[[ DATASET EXCERPTS open ]]
(* For any pair of simplices $\sigma,\tau$ on $\gamma_d$, exactly one of the following four cases occurs: (A) $\sigma$ and $\tau$ do not overlap in $\mathbb{R}^d$; equivalently, they are not $(d+2)$-interlacing. (B) $\sigma<_{d+1}\tau$; equivalently, $\sigma,\tau$ are $(d+2)$-interlacing with a sequence beginning with an element of $\sigma$ but not with one beginning with an element of $\tau$ when $d$ is even, and with a sequence beginning with an element of $\tau$ but not with one beginning with an element of $\sigma$ when $d$ is odd. (C) $\tau<_{d+1}\sigma$; equivalently, the condition of (B) holds with the roles of $\sigma$ and $\tau$ interchanged. (D) the liftings $\hat\sigma$ and $\hat\tau$ overlap in $\mathbb{R}^{d+1}$; equivalently, $\sigma$ and $\tau$ are $(d+3)$-interlacing.
   Context: $\gamma_d=\{(t,t^2,\dots,t^d):t\in\mathbb{R}\}$; points on it are ordered by parameter. A simplex on $\gamma_d$ is a subset $\sigma\subseteq\gamma_d$ with $|\sigma|\le d+1$ (sizes of $\sigma,\tau$ may differ), identified with $\mathrm{conv}(\sigma)$. Simplices overlap in $\mathbb{R}^d$ if $\mathrm{conv}(\sigma)\cap\mathrm{conv}(\tau)\supsetneq\mathrm{conv}(\sigma\cap\tau)$. Subsets $\sigma,\tau$ are $k$-interlacing if there are $v_1<\dots<v_k$ in $\sigma\cup\tau$ with alternating membership, beginning either with $v_1\in\sigma$ ($v_1\in\sigma,v_2\in\tau,\dots$) or with $v_1\in\tau$ ($v_1\in\tau,v_2\in\sigma,\dots$). The lifting of $\sigma=\{\gamma_d(t_i)\}$ is $\hat\sigma=\{\gamma_{d+1}(t_i)\}\subseteq\mathbb{R}^{d+1}$; the height function $h_\sigma:\mathrm{conv}(\sigma)\to\mathbb{R}$ gives the last coordinate of the point of $\mathrm{conv}(\hat\sigma)$ projecting to $p$. $\sigma<_{d+1}\tau$ means $\sigma,\tau$ overlap in $\mathbb{R}^d$ and $h_\sigma\le h_\tau$ on $\mathrm{conv}(\sigma)\cap\mathrm{conv}(\tau)$. *)

From HB Require Import structures.
From mathcomp Require Import all_boot all_order all_algebra.
From mathcomp Require Import reals.
Unset Printing Implicit Defensive.
Import Order.TTheory GRing.Theory Num.Theory.
Local Open Scope ring_scope.

(* A simplex on the moment curve gamma_d is represented by the (duplicate-free)
   list of parameters t of its vertices gamma_d(t). *)

Section Defs.
Variable R : realType.

Definition moment (d : nat) (t : R) : 'rV[R]_d := \row_(i < d) t ^+ i.+1.

Definition simplex_on (d : nat) (s : seq R) : Prop :=
  uniq s /\ (size s <= d.+1)%N.

Definition conv (d : nat) (s : seq R) (p : 'rV[R]_d) : Prop :=
  exists w : R -> R,
    (forall t, t \in s -> 0 <= w t) /\
    \sum_(t <- s) w t = 1 /\
    p = \sum_(t <- s) w t *: moment d t.

Definition seqI (s u : seq R) : seq R := [seq x <- s | x \in u].

Definition overlap (d : nat) (s u : seq R) : Prop :=
  (forall p, conv d (seqI s u) p -> conv d s p /\ conv d u p) /\
  (exists p, conv d s p /\ conv d u p /\ ~ conv d (seqI s u) p).

Definition interlacing_from (k : nat) (s u : seq R) : Prop :=
  exists v : nat -> R,
    (forall i, (i.+1 < k)%N -> v i < v i.+1) /\
    (forall i, (i < k)%N -> if odd i then v i \in u else v i \in s).

Definition interlacing (k : nat) (s u : seq R) : Prop :=
  interlacing_from k s u \/ interlacing_from k u s.

Definition proj (d : nat) (q : 'rV[R]_d.+1) : 'rV[R]_d :=
  \row_(i < d) q 0 (widen_ord (leqnSn d) i).
Definition lastc (d : nat) (q : 'rV[R]_d.+1) : R := q 0 ord_max.

(* sigma <_{d+1} tau : they overlap in R^d and h_sigma <= h_tau on
   conv(sigma) ∩ conv(tau); here h_sigma(p) is the last coordinate of the
   point q of conv(hat sigma) (the convex hull of the lifted vertices
   gamma_{d+1}(t_i)) with proj q = p. *)
Definition below (d : nat) (s u : seq R) : Prop :=
  overlap d s u /\
  (forall (p : 'rV[R]_d) (q q' : 'rV[R]_d.+1),
      conv d s p -> conv d u p ->
      conv d.+1 s q -> proj d q = p ->
      conv d.+1 u q' -> proj d q' = p ->
      lastc d q <= lastc d q').

End Defs.

Arguments moment {R} d t.
Arguments simplex_on {R} d s.
Arguments conv {R} d s p.
Arguments seqI {R} s u.
Arguments overlap {R} d s u.
Arguments interlacing_from {R} k s u.
Arguments interlacing {R} k s u.
Arguments proj {R} d q.
Arguments lastc {R} d q.
Arguments below {R} d s u.

Definition exactly_one4 (A B C D : Prop) : Prop :=
  (A \/ B \/ C \/ D) /\
  ~ (A /\ B) /\ ~ (A /\ C) /\ ~ (A /\ D) /\
  ~ (B /\ C) /\ ~ (B /\ D) /\ ~ (C /\ D).

From HB Require Import structures.
From mathcomp Require Import all_boot all_order all_algebra.
From mathcomp Require Import reals ring lra zify.
From Stdlib Require Import Classical.
Import Order.TTheory GRing.Theory Num.Theory.
Local Open Scope ring_scope.

(* Two convex combinations of points of the moment curve representing the same
   point of R^d differ by a signed measure whose moments of order <= d vanish.
   Such a measure changes sign at least d + 1 times along the curve (Descartes'
   rule of signs), which yields a (d + 2)-interlacing sequence. Conversely, on
   d + 2 interlacing parameters the kernel of the Vandermonde system is an
   alternating measure whose positive and negative parts give a common point of
   the two simplices outside the hull of their common face. The moment of order
   d + 1 of the measure is the height difference of the two lifts over that
   point; when there are exactly d + 1 sign changes its sign is determined by
   the parity of d and the end of the sign pattern, while d + 2 sign changes
   (a (d + 3)-interlacing) make the lifts cross. *)

Section MomentCurve.
Context {R : realType}.
Implicit Types (l w : R -> R) (a b U : seq R) (v : nat -> R).

Definition power_sum U l k := \sum_(t <- U) l t * t ^+ k.

Lemma power_sum0 U l : power_sum U l 0%N = \sum_(t <- U) l t.
Proof. by rewrite /power_sum; apply: eq_bigr => t _; rewrite expr0 mulr1. Qed.

Lemma power_sumB U l l' k :
  power_sum U (fun t => l t - l' t) k = power_sum U l k - power_sum U l' k.
Proof. by rewrite /power_sum -sumrB; apply: eq_bigr => t _; rewrite mulrBl. Qed.

Lemma sqr_gt0 (x : R) : x != 0 -> 0 < x * x.
Proof. by move=> x0; rewrite -expr2 lt0r sqrf_eq0 x0 sqr_ge0. Qed.

Lemma same_sign_trans (x y z : R) : 0 < x * y -> 0 < y * z -> 0 < x * z.
Proof. by move=> xy yz; nra. Qed.

Lemma eq_big_support (V : zmodType) a b (f : R -> V) :
  uniq a -> uniq b -> (forall t, f t != 0 -> (t \in a) = (t \in b)) ->
  \sum_(t <- a) f t = \sum_(t <- b) f t.
Proof.
move=> ua ub supp.
have drop0 c : \sum_(t <- c) f t = \sum_(t <- [seq t <- c | f t != 0]) f t.
  by rewrite big_filter; symmetry; apply: big_rmcond => t /negPn /eqP.
rewrite drop0 [RHS]drop0; apply/perm_big/uniq_perm; rewrite ?filter_uniq //.
by move=> t; rewrite !mem_filter; case: (boolP (f t != 0)) => //= /supp.
Qed.

Definition restrict a w t := if t \in a then w t else 0.

Lemma big_restrict [V : zmodType] [a U w] (F : R -> R -> V) :
  uniq a -> uniq U -> {subset a <= U} -> (forall t, F 0 t = 0) ->
  \sum_(t <- a) F (w t) t = \sum_(t <- U) F (restrict a w t) t.
Proof.
move=> ua uU aU F0.
rewrite -(@eq_big_support _ a U) //; last first.
  by move=> t; rewrite /restrict; case: ifP => [/aU -> //|_]; rewrite F0 eqxx.
by apply: eq_big_seq => t ta; rewrite /restrict ta.
Qed.

Lemma restrict_sub a U w c :
  {subset a <= U} -> {in U, w =1 restrict a c} -> restrict U w =1 restrict a c.
Proof.
move=> aU eqU t; rewrite {1}/restrict; case: ifP => [/eqU -> //|tU].
by rewrite /restrict; case: ifP => // /aU; rewrite tU.
Qed.

Definition increasing v m := forall i, (i.+1 < m)%N -> v i < v i.+1.

Lemma sorted_mkseq [v m] : increasing v m -> sorted <%R (mkseq v m).
Proof.
move=> vinc; apply/(sortedP 0) => i; rewrite size_mkseq => im.
by rewrite nth_mkseq ?(ltnW im) // nth_mkseq //; apply: vinc.
Qed.

Lemma uniq_mkseq [v m] : increasing v m -> uniq (mkseq v m).
Proof. by move/sorted_mkseq; rewrite lt_sorted_uniq_le => /andP []. Qed.

Lemma mem_mkseqP v m t : reflect (exists2 i, (i < m)%N & t = v i) (t \in mkseq v m).
Proof.
apply: (iffP mapP) => [[i]|[i im ->]]; last by exists i; rewrite // mem_iota.
by rewrite mem_iota => /andP [_ im] ->; exists i.
Qed.

Lemma mkseq_mem v m i : (i < m)%N -> v i \in mkseq v m.
Proof. by move=> im; apply/mem_mkseqP; exists i. Qed.

Lemma increasing_mkseq_eq [v v' m] :
  increasing v m -> increasing v' m -> (forall i, (i < m)%N -> v' i \in mkseq v m) ->
  forall i, (i < m)%N -> v' i = v i.
Proof.
move=> vinc v'inc v'v i im.
have sub : {subset mkseq v' m <= mkseq v m}.
  by move=> x /mem_mkseqP [j /v'v jv ->].
have size_le : (size (mkseq v m) <= size (mkseq v' m))%N by rewrite !size_mkseq.
have [_ eqm] := uniq_min_size (uniq_mkseq v'inc) sub size_le.
have := lt_sorted_eq (sorted_mkseq v'inc) (sorted_mkseq vinc) eqm.
by move/(congr1 (nth 0 ^~ i)); rewrite !nth_mkseq.
Qed.

Definition alternating l v n :=
  forall i, (i < n)%N -> v i < v i.+1 /\ l (v i) * l (v i.+1) < 0.

Lemma alternating_increasing [l v n] : alternating l v n -> increasing v n.+1.
Proof. by move=> alt i; move/alt => []. Qed.

Lemma alternating_size [l v n U] :
  alternating l v n -> (forall i, (i <= n)%N -> v i \in U) -> (n < size U)%N.
Proof.
move=> /alternating_increasing vinc vU; rewrite -(size_mkseq v n.+1).
by apply: uniq_leq_size (uniq_mkseq vinc) _ => x /mem_mkseqP [i /vU iU ->].
Qed.

Lemma alternating_neq0 [l v n i] :
  (0 < n)%N -> alternating l v n -> (i <= n)%N -> l (v i) != 0.
Proof.
move=> n0 alt; rewrite leq_eqVlt => /orP [/eqP ->|/alt [_]]; last first.
  by apply: contraTneq => ->; rewrite mul0r ltxx.
have lt_pred : (n.-1 < n)%N by rewrite prednK.
have [_] := alt n.-1 lt_pred.
by rewrite prednK //; apply: contraTneq => ->; rewrite mulr0 ltxx.
Qed.

Lemma alternating_sign [l v n] j i :
  (0 < n)%N -> alternating l v n -> (j + i <= n)%N ->
  0 < (-1) ^+ i * (l (v j) * l (v (j + i)%N)).
Proof.
move=> n0 alt; elim: i => [|i IH] jin.
  rewrite addn0 mul1r sqr_gt0 //.
  by apply: alternating_neq0 n0 alt _; rewrite addn0 in jin.
have jin' : (j + i < n)%N by rewrite -addnS.
have [_ alt_i] := alt (j + i)%N jin'.
have := IH (ltnW jin'); rewrite exprS addnS; nra.
Qed.

Lemma alternating_opp l v n : alternating l v n -> alternating (fun t => - l t) v n.
Proof. by move=> alt i /alt [vi li]; rewrite mulrNN. Qed.

Lemma alternating_interlacing [l v n a b j k] :
  (0 < n)%N -> alternating l v n ->
  (forall t, 0 < l t -> t \in a) -> (forall t, l t < 0 -> t \in b) ->
  (j + k <= n.+1)%N -> 0 < l (v j) -> interlacing_from k a b.
Proof.
move=> n0 alt pos_a neg_b jk lvj; exists (fun i => v (j + i)%N); split=> i ik.
  by rewrite addnS; apply: (alt _ _).1; lia.
have ji : (j + i <= n)%N by lia.
have := alternating_sign j i n0 alt ji; rewrite -signr_odd.
by case: (odd i); rewrite /= ?expr0 ?expr1 ?mul1r ?mulN1r => sgn;
  [apply: neg_b | apply: pos_a]; nra.
Qed.

Lemma alternating_interlacingN [l v n a b j k] :
  (0 < n)%N -> alternating l v n ->
  (forall t, 0 < l t -> t \in a) -> (forall t, l t < 0 -> t \in b) ->
  (j + k <= n.+1)%N -> l (v j) < 0 -> interlacing_from k b a.
Proof.
move=> n0 /alternating_opp alt pos_a neg_b jk lvj.
apply: (alternating_interlacing n0 alt) jk _; last by rewrite oppr_gt0.
  by move=> t; rewrite oppr_gt0; apply: neg_b.
by move=> t; rewrite oppr_lt0; apply: pos_a.
Qed.

Lemma alternating_interlacing_any [l v n a b k] :
  (0 < n)%N -> alternating l v n ->
  (forall t, 0 < l t -> t \in a) -> (forall t, l t < 0 -> t \in b) ->
  (k <= n.+1)%N -> interlacing k a b.
Proof.
move=> n0 alt pos_a neg_b kn; have := alternating_neq0 n0 alt (leq0n n).
case: ltrgtP => // [neg|pos] _; [right | left].
  exact: (alternating_interlacingN (j := 0%N) n0 alt).
exact: (alternating_interlacing (j := 0%N) n0 alt).
Qed.

(** * Sign changes of measures with vanishing moments *)

Fixpoint sign_changes l (s : seq R) : nat :=
  if s is x :: s' then
    if s' is y :: _ then ((l x * l y < 0)%R + sign_changes l s')%N else 0%N
  else 0%N.

Lemma sorted_head_lt [h : R] [s] : sorted <%R (h :: s) -> {in s, forall t, h < t}.
Proof. by move=> /(order_path_min (@lt_trans _ R)) /allP. Qed.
[[ DATASET EXCERPTS closed ]]
# [PROBLEM TO WORK ON]
Beginning with the line that contains "if s is x :: s' then", restate word for word each line through the last one in the data, and write nothing more.

# [RESPONSE TO THE TASK]
  if s is x :: s' then
    if s' is y :: _ then ((l x * l y < 0)%R + sign_changes l s')%N else 0%N
  else 0%N.

Lemma sorted_head_lt [h : R] [s] : sorted <%R (h :: s) -> {in s, forall t, h < t}.
Proof. by move=> /(order_path_min (@lt_trans _ R)) /allP. Qed.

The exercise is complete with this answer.